Maybe, but I think it more as 'realistic'.

Consider, we would need to find a planet not too dissimilar to Earth in its physical properties (size, gravity, temperature, UV shield, rate of spin, seasons, air pressure etc.), its chemical content (including its atmospheric content and dissolved matter in its waters), biological state and capability and where it is in its evolutionary time scale. The star around which it orbits must also be not too dissimilar to our Sun.

We may be able to adapt ourselves to a 22.7 hour day and a 401 day year, but if the plants we need to survive do not exist on that planet, seeds taken from Earth may result in crops unable to cope with such an environmental difference.

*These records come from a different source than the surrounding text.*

Lemma stays_below_after_crossing (eta kappa t1 : R) : 0 <= eta -> 0 < kappa -> beta <= K ->
  2 * rho < phi0 * (1 - exp (- (gamma * kappa))) ->
  2 * rho + A * kappa < phi0 * (1 - e0) ->
  tau0 + eta <= t1 ->
  (forall s, eta <= s < t1 -> phi0 + rho < u s) -> u t1 <= phi0 + rho ->
  forall s, t1 + kappa <= s <= tau - tau0 -> u s < phi0 - rho.
Proof.
intros Heta Hkappa HbK Hshort Hlong Ht1 Hbefore Hut1.
destruct (classic (exists s, t1 + kappa <= s <= tau - tau0 /\ phi0 - rho - u s <= 0))
  as [Hreturn|Hnever].
- exfalso.
  destruct (first_time (fun s => phi0 - rho - u s) (t1 + kappa) (tau - tau0))
    as [t2 [Ht2 [Hut2 Hbetween]]]; [|exact Hreturn|].
  + intros x Hx. apply (continuity_pt_minus (fun _ => phi0 - rho) u).
    * apply continuity_pt_const. now intros ? ?.
    * apply u_cont. lra.
  + assert (u t2 < phi0 - rho); [|simpl in Hut2; lra].
    apply (decay_through_band eta kappa t1 t2); try easy.
    intros s Hs. specialize (Hbetween s ltac:(lra)). simpl in Hbetween. lra.
- intros s Hs. destruct (Rlt_le_dec (u s) (phi0 - rho)) as [|Hle]; [easy|].
  exfalso. apply Hnever. exists s. split; [exact Hs|lra].
Qed.

Lemma band_crossed_once (eta kappa : R) : 0 <= eta -> 0 < kappa -> beta <= K ->
  2 * rho < phi0 * (1 - exp (- (gamma * kappa))) ->
  2 * rho + A * kappa < phi0 * (1 - e0) ->
  (forall s, eta <= s <= tau0 + eta -> phi0 + rho < u s) ->
  exists p, forall s, eta <= s <= tau - tau0 -> s < p \/ p + kappa < s ->
    outside_band phi0 rho (u s).
Proof.
intros Heta Hkappa HbK Hshort Hlong Hearly.
destruct (classic (exists s, eta <= s <= tau - tau0 /\ u s - (phi0 + rho) <= 0))
  as [Hcross|Hnever].
- destruct (first_time (fun s => u s - (phi0 + rho)) eta (tau - tau0))
    as [t1 [Ht1 [Hut1 Hbefore]]]; [|exact Hcross|].
  + intros x Hx. apply (continuity_pt_minus u (fun _ => phi0 + rho)).
    * apply u_cont. lra.
    * apply continuity_pt_const. now intros ? ?.
  + simpl in Hut1, Hbefore.
    assert (Hbefore' : forall s, eta <= s < t1 -> phi0 + rho < u s)
      by (intros s Hs; specialize (Hbefore s Hs); lra).
    assert (Hlate : tau0 + eta <= t1).
    { destruct (Rle_lt_dec (tau0 + eta) t1) as [|Hlt]; [easy|].
      specialize (Hearly t1 ltac:(lra)). lra. }
    exists t1. intros s Hs [Hlt|Hgt].
    * right. apply Hbefore'. lra.
    * left. apply (stays_below_after_crossing eta kappa t1); try easy; lra.
- exists (tau - tau0). intros s Hs [Hlt|Hgt]; [|lra].
  right. destruct (Rlt_le_dec (phi0 + rho) (u s)) as [|Hle]; [easy|].
  exfalso. apply Hnever. exists s. split; [exact Hs|lra].
Qed.

(* Final comparison on [tau0, tau]: the delayed argument lies in the band only for
   s < eta and in one window of length kappa, and the main term is the H0 value. *)
Lemma u_tau_upper (eta kappa p : R) : 0 <= eta <= tau - tau0 -> 0 <= kappa ->
  (forall s, eta <= s <= tau - tau0 -> s < p \/ p + kappa < s -> outside_band phi0 rho (u s)) ->
  u tau <= beta * (1 - E) / gamma - eps * exp (- (gamma * tau)) + A * (eta + kappa).
Proof.
intros Heta Hkappa Hoff.
pose proof beta_nonneg. pose proof E_bounds. pose proof e0_bounds. pose proof A_pos.
set (B := beta - K). set (c := B / gamma). set (X := u tau0).
assert (Hbump : forall x, f (u (x - tau0)) - K <= B + A)
  by (intros x; pose proof (f_le_A (u (x - tau0))); unfold B; lra).
assert (Hfirst : u (tau0 + eta) <= c + (X - c) * exp (- (gamma * eta)) + A * eta).
{ replace eta with (tau0 + eta - tau0) at 2 by ring.
  apply (u_comparison_upper tau0 (tau0 + eta) B A tau0 eta); try lra.
  - intros x Hx. apply Hbump.
  - intros x Hx Hw. lra. }
set (e2 := exp (- (gamma * (tau - (tau0 + eta))))).
assert (He2 : 0 < e2 <= 1) by (split; [apply exp_pos|rewrite <- exp_0; apply exp_le_mono; nra]).
assert (Hsecond : u tau <= c + (u (tau0 + eta) - c) * e2 + A * kappa).
{ apply (u_comparison_upper (tau0 + eta) tau B A (p + tau0) kappa); try lra.
  - intros x Hx. apply Hbump.
  - intros x Hx Hw. unfold B. enough (f (u (x - tau0)) <= beta) by lra.
    apply f_tail, Hoff; lra. }
assert (Hprod : exp (- (gamma * eta)) * e2 = E)
  by (unfold e2, E; rewrite <- exp_plus; f_equal; ring).
assert (Hchain : (u (tau0 + eta) - c) * e2 <= ((X - c) * exp (- (gamma * eta)) + A * eta) * e2)
  by (apply Rmult_le_compat_r; lra).
assert (Hshrink : A * eta * e2 <= A * eta)
  by (rewrite <- (Rmult_1_r (A * eta)) at 2; apply Rmult_le_compat_l; nra).
assert (Hvalue : c + (X - c) * E = beta * (1 - E) / gamma - eps * exp (- (gamma * tau))).
{ assert (HK : K * (1 - E) = E * (gamma * (phi0 + eps))) by (unfold K; rewrite <- A_balance; ring).
  assert (He : exp (- (gamma * tau)) = e0 * E)
    by (unfold e0, E; rewrite <- exp_plus; f_equal; ring).
  unfold X, c, B. rewrite u_tau0, He.
  replace ((beta - K) / gamma + (phi0 + eps * (1 - e0) - (beta - K) / gamma) * E)
    with (beta * (1 - E) / gamma - K * (1 - E) / gamma + (phi0 + eps * (1 - e0)) * E)
    by (field; lra).
  rewrite HK. field. lra. }
replace (((X - c) * exp (- (gamma * eta)) + A * eta) * e2)
  with ((X - c) * E + A * eta * e2) in Hchain by (rewrite <- Hprod; ring).
lra.
Qed.

End Solution.

Lemma admissible_parameters : exists eta kappa rho b,
  0 < eta <= tau - tau0 /\ 0 < kappa /\ 0 < rho /\ 0 < b <= K /\
  rho < eps * (1 - exp (- (gamma * eta))) /\
  eta * (gamma * (phi0 + eps) + K) + rho < eps * (1 - e0) /\
  2 * rho < phi0 * (1 - exp (- (gamma * kappa))) /\
  2 * rho + A * kappa < phi0 * (1 - e0) /\
  b * (1 - E) / gamma + A * (eta + kappa) < eps * exp (- (gamma * tau)).
Proof.
pose proof A_pos. pose proof E_bounds. pose proof e0_bounds.
assert (HK : 0 < K) by (unfold K; nra).
set (M := eps * exp (- (gamma * tau))).
assert (HM : 0 < M) by (unfold M; pose proof (exp_pos (- (gamma * tau))); nra).
set (D := gamma * (phi0 + eps) + K).
assert (HD : 0 < D) by (unfold D; nra).
destruct (exists_pos_small A (M / 4) D (eps * (1 - e0) / 4)) as (y & Hy & HyA & HyD);
  try lra; try nra.
destruct (exists_pos_small 1 (tau - tau0) 1 y) as (eta & Heta & HetaL & Hetay); try lra.
destruct (exists_pos_small A (M / 4) A (phi0 * (1 - e0) / 4)) as (kappa & Hk & HkM & Hkphi);
  try lra; try nra.
assert (Heh := exp_neg_lt_1 (gamma * eta) ltac:(nra)).
assert (Hek := exp_neg_lt_1 (gamma * kappa) ltac:(nra)).
destruct (exists_pos_small 1 (eps * (1 - exp (- (gamma * eta))) / 2)
                           1 (phi0 * (1 - exp (- (gamma * kappa))) / 4)) as (r1 & Hr1 & Hr1a & Hr1b);
  try lra; try nra.
destruct (exists_pos_small 1 (phi0 * (1 - e0) / 8) 1 (eps * (1 - e0) / 8)) as (r2 & Hr2 & Hr2a & Hr2b);
  try lra; try nra.
destruct (exists_pos_small 1 r1 1 r2) as (rho & Hrho & Hrho1 & Hrho2); try lra.
destruct (exists_pos_small 1 K 1 (gamma * M / 4)) as (b & Hb & HbK & HbM); try lra; try nra.
assert (Hbg : b * (1 - E) / gamma <= M / 4).
{ apply (Rmult_le_reg_r gamma); [lra|].
  replace (b * (1 - E) / gamma * gamma) with (b * (1 - E)) by (field; lra). nra. }
exists eta, kappa, rho, b. repeat split; try lra; nra.
Qed.

Lemma eventual_negativity : exists delta0, 0 < delta0 /\
  forall delta, 0 < delta < delta0 ->
  forall u, is_solution gamma tau tau0 (f_delta A phi0 delta) (phi_const phi0) u -> u tau < 0.
Proof.
destruct admissible_parameters
  as (eta & kappa & rho & b & Heta & Hkappa & Hrho & Hb & Hrho_early & Hearly & Hshort & Hlong & Hfinal).
destruct (f_delta_tail_small A rho b A_pos Hrho (proj1 Hb)) as (delta0 & Hdelta0 & Htail).
exists delta0. split; [exact Hdelta0|]. intros delta Hdelta u Hsol.
pose proof A_pos. pose proof E_bounds.
set (f := f_delta A phi0 delta). set (beta := A * exp (- (rho ^ 2 / delta))).
assert (Hbeta : beta < b) by (apply Htail; exact Hdelta).
assert (Hf0 : forall v, 0 <= f v) by (intros v; apply f_delta_nonneg; lra).
assert (HfA : forall v, f v <= A) by (intros v; apply f_delta_le; lra).
assert (Hfc : f phi0 = A) by apply f_delta_center.
assert (Hft : forall v, outside_band phi0 rho v -> f v <= beta)
  by (intros v Hv; apply f_delta_tail; [lra|lra|lra|exact Hv]).
assert (Habove := u_above_band_early f rho u Hf0 Hfc Hsol eta Heta Hrho_early Hearly).
destruct (band_crossed_once f rho beta u Hf0 HfA Hfc Hft Hrho Hsol eta kappa
            ltac:(lra) Hkappa ltac:(lra) Hshort Hlong Habove) as [p Hp].
assert (Hup := u_tau_upper f rho beta u Hf0 HfA Hfc Hft Hsol eta kappa p ltac:(lra) ltac:(lra) Hp).
assert (beta * (1 - E) / gamma < b * (1 - E) / gamma)
  by (apply Rmult_lt_compat_r; [apply Rinv_0_lt_compat; lra|nra]).
lra.
Qed.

But before we can consider that, where is this new Eden going to be? We will never be able to travel faster than the speed of light and probably will never get to anything close to it. So a planet just 100 light years away might take us 1000 years to get there, in which time, who knows if natures silver seed would have survived the journey or if conditions at our destination might have changed.

The Universe has had more than 13 billion years to evolve super intelligent life. Thus far, if it has managed to do so, they have not been able to find us (I utterly disregard the claims of a few self proclaimed 'ET abductees') and I would think that any chance of bumping in to ET is more likely to be at their instigation, rather than ours. That suggests to me, that ET (assuming he exists, and I don't see why not) is too far away to have even noticed us. That, in turn, suggests to me, that planets capable of supporting life, many though there may well be, are still in such a minority and so far apart, as to be untouchable by their neighbours. But I am willing to accept that I could be wrong on that point.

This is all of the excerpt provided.